Reading down the listing below, count the lines where the word "ring" shows up, then give only that count.

+ + +

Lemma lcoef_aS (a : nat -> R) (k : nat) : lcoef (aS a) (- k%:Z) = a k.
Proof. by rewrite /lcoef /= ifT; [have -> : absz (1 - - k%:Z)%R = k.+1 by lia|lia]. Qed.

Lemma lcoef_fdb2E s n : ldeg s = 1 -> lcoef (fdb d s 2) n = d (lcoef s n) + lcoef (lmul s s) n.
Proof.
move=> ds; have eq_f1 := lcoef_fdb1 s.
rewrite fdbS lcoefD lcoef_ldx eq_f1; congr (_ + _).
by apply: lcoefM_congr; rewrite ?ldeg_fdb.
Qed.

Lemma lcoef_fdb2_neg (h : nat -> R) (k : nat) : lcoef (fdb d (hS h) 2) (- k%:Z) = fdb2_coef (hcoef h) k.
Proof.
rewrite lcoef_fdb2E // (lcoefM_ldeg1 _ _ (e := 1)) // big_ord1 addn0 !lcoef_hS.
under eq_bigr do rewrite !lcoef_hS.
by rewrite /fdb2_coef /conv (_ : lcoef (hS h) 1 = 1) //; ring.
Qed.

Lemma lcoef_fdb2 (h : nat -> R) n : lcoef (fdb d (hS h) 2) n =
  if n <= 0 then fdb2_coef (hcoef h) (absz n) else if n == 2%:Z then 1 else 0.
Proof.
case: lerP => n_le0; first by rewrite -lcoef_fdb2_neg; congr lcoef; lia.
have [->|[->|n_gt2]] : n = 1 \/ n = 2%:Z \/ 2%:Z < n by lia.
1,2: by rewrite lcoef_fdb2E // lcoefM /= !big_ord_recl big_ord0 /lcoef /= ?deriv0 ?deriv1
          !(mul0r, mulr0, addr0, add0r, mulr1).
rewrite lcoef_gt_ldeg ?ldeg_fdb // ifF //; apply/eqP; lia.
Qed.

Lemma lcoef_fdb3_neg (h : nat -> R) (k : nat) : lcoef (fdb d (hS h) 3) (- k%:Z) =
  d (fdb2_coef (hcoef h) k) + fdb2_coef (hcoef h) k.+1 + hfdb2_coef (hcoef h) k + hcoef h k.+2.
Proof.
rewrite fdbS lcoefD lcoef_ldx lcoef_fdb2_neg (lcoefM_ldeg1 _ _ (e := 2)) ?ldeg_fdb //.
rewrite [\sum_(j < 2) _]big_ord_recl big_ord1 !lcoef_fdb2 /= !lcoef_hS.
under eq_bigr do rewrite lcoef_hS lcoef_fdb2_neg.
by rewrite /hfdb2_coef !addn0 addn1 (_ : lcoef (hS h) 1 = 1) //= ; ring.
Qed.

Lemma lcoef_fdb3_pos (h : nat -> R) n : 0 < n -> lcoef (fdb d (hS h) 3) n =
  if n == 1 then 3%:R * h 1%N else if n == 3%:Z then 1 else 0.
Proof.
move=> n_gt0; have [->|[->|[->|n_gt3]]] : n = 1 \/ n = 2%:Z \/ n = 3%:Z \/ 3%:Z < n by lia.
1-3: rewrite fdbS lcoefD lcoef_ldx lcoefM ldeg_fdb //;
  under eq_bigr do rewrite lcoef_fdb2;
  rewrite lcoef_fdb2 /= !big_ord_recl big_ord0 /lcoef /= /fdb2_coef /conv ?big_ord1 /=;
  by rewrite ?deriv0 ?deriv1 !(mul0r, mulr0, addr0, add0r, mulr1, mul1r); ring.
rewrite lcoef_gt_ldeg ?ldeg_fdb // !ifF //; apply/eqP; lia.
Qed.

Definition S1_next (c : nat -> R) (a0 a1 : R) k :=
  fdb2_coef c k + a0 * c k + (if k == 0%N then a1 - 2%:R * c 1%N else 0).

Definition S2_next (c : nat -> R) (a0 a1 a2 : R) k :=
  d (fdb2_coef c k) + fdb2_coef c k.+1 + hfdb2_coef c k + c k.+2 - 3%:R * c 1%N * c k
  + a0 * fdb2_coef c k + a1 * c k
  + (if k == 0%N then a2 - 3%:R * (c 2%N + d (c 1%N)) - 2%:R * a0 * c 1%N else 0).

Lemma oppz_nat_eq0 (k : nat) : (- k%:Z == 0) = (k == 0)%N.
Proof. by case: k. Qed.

+ + +

* _Answer to the problem_
3